What you should do: From the line that contains "rewrite !inE; case: x => [[x|x]|] //=;" to the end of the records below, copy every line exactly. Both the first and last of these lines count.

Content starts

Lemma dup_ideal_down_a' (K : {set option (T1 + T2)}) : connected_ideal dle K ->
  a' \in K -> sa \notin K -> K = a' |: dup_Q2.
Proof.
move=> [/order_idealP iK _ cK] a'K saK; apply/setP=> x; apply/idP/idP.
  move=> xK; apply: (comparably_connected_sub cK a'K) xK; first by rewrite !inE.
  move=> [[u|u]|] [[v|v]|] uK vK; rewrite !inE //=.
  + by rewrite orbF => rav _; move: saK; rewrite (iK sa _ vK rav).
  + by rewrite orbF => /andP[rav _] _; move: saK; rewrite (iK sa _ vK rav).
by rewrite !inE; case: x => [[x|x]|] // _; apply: iK a'K _.
Qed.

Lemma dup_ideal_down_a (K : {set option (T1 + T2)}) : connected_ideal dle K ->
  sa \in K -> a' \notin K -> K = sa |: dup_Q2.
Proof.
have [rr1 _ _] := po1.
move=> [/order_idealP iK _ cK] saK a'K.
have above_a v : Some (inl v) \in K -> r1 a v -> v = a.
  move=> vK rav; apply/eqP; apply: contraNT a'K => nva.
  by apply: (iK a' _ vK); rewrite /= rav.
apply/setP=> x; apply/idP/idP.
  move=> xK; apply: (comparably_connected_sub cK saK) xK; first by rewrite !inE eqxx.
  move=> [[u|u]|] [[v|v]|] uK vK; rewrite !inE ?orbF //=.
  + move=> ruv /eqP[eua]; rewrite eua in ruv uK.
    by case/orP: ruv => [/(above_a _ vK) | /mina] ->.
  + by move=> /andP[_ nua] /eqP[eua]; rewrite eua eqxx in nua.
  + by move=> rav _; rewrite (above_a v vK rav).
  + by move=> _ _; move: a'K; rewrite vK.
rewrite !inE; case: x => [[x|x]|] //=; rewrite ?orbF; first by move/eqP=> ->.
by move=> _; apply: (iK (Some (inr x)) _ saK (rr1 a)).
Qed.

Lemma dup_ideal_sub_Q2 (K : {set option (T1 + T2)}) d : connected_ideal dle K ->
  a' \notin K -> sa \notin K -> Some (inr d) \in K -> K \subset dup_Q2.
Proof.
move=> [/order_idealP iK _ cK] a'K saK dK; apply/subsetP => x xK.
apply: (comparably_connected_sub cK dK) xK; first by rewrite inE.
move=> [[u|u]|] [[v|v]|] uK vK; rewrite !inE //=.
+ by rewrite orbF => rav _; move: saK; rewrite (iK sa _ vK rav).
+ by move=> _ _; move: a'K; rewrite vK.
Qed.

Lemma dup_down_a_sub (K : {set option (T1 + T2)}) :
  order_ideal dle K -> sa \in K -> sa |: dup_Q2 \subset K.
Proof.
have [rr1 _ _] := po1; move=> /order_idealP iK saK.
apply/subsetP=> - [[x|x]|]; rewrite !inE //= ?orbF; first by move/eqP=> ->.
by move=> _; apply: (iK (Some (inr x)) _ saK (rr1 a)).
Qed.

Content ends

Final answer:
rewrite !inE; case: x => [[x|x]|] //=; rewrite ?orbF; first by move/eqP=> ->.
by move=> _; apply: (iK (Some (inr x)) _ saK (rr1 a)).
Qed.

Lemma dup_ideal_sub_Q2 (K : {set option (T1 + T2)}) d : connected_ideal dle K ->
  a' \notin K -> sa \notin K -> Some (inr d) \in K -> K \subset dup_Q2.
Proof.
move=> [/order_idealP iK _ cK] a'K saK dK; apply/subsetP => x xK.
apply: (comparably_connected_sub cK dK) xK; first by rewrite inE.
move=> [[u|u]|] [[v|v]|] uK vK; rewrite !inE //=.
+ by rewrite orbF => rav _; move: saK; rewrite (iK sa _ vK rav).
+ by move=> _ _; move: a'K; rewrite vK.
Qed.

Lemma dup_down_a_sub (K : {set option (T1 + T2)}) :
  order_ideal dle K -> sa \in K -> sa |: dup_Q2 \subset K.
Proof.
have [rr1 _ _] := po1; move=> /order_idealP iK saK.
apply/subsetP=> - [[x|x]|]; rewrite !inE //= ?orbF; first by move/eqP=> ->.
by move=> _; apply: (iK (Some (inr x)) _ saK (rr1 a)).
Qed.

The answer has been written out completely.